Tally the lines in the entries where the string "every" appears, and write only the total.

______

(* F_k (+) 0 factors as E M E^T, where M = [0 B; B^T 0] is the bipartite
   matrix of B and E is a 0/1 matrix with at most one 1 per row that clones
   every vertex of the p-side n/k times and every vertex of the q-side k times.
   Such an E commutes with diagonal degree scalings, so Sylvester's identity
   x^r det(x + U G) = x^N det(x + G U) shows that L(E M E^T) has, apart from
   extra eigenvalues 1, the spectrum of I - D M D, where D^-2 = diag(M d) / d
   for the vector d of clone counts.  As M is bipartite, this rescales the
   degrees of one side by k / (n/k) and those of the other by its inverse,
   which cancel in D M D: for every k one gets L(M), padded by eigenvalues 1
   up to the common size n p + q. *)

From HB Require Import structures.
From mathcomp Require Import all_boot all_order all_algebra.
From mathcomp Require Import zify.
Set Implicit Arguments. Unset Strict Implicit. Unset Printing Implicit Defensive.
Import Order.TTheory GRing.Theory Num.Theory.
Local Open Scope ring_scope.

Lemma det_scalar_add_mulmxC (R : comNzRingType) N r
    (U : 'M[R]_(N, r)) (G : 'M[R]_(r, N)) (x : R) :
  x ^+ r * \det (x%:M + U *m G) = x ^+ N * \det (x%:M + G *m U).
Proof.
pose S := block_mx (x%:M : 'M_N) (- U) G (1%:M : 'M_r).
have reduceU : block_mx 1%:M U 0 1%:M *m S = block_mx (x%:M + U *m G) 0 G 1%:M.
  by rewrite mulmx_block !mul1mx !mul0mx !mulmx1 add0r addNr add0r.
have reduceG :
    block_mx 1%:M 0 (- G) x%:M *m S = block_mx x%:M (- U) 0 (x%:M + G *m U).
  rewrite mulmx_block !mul1mx !mul0mx !addr0 mul_scalar_mx mulNmx mul_mx_scalar.
  by rewrite addNr mulmx1 mulNmx mulmxN opprK addrC.
have := congr1 determinant reduceU; have := congr1 determinant reduceG.
rewrite !det_mulmx !det_ublock !det_lblock !det1 !det_scalar !mul1r !mulr1.
by move=> <- ->.
Qed.

Lemma char_poly_1B_mulmxC (R : comNzRingType) N r
    (U : 'M[R]_(N, r)) (G : 'M[R]_(r, N)) :
  ('X - 1) ^+ r * char_poly (1%:M - U *m G)
  = ('X - 1) ^+ N * char_poly (1%:M - G *m U).
Proof.
have char_poly_mx_1B P Q (V : 'M[R]_(P, Q)) W :
    char_poly_mx (1%:M - V *m W) = ('X - 1)%:M + map_mx polyC V *m map_mx polyC W.
  by rewrite /char_poly_mx map_mxB map_mx1 map_mxM opprB addrA addrAC raddfB.
by rewrite /char_poly !char_poly_mx_1B det_scalar_add_mulmxC.
Qed.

______

◆ **ANSWER TO THE EXERCISE**:
2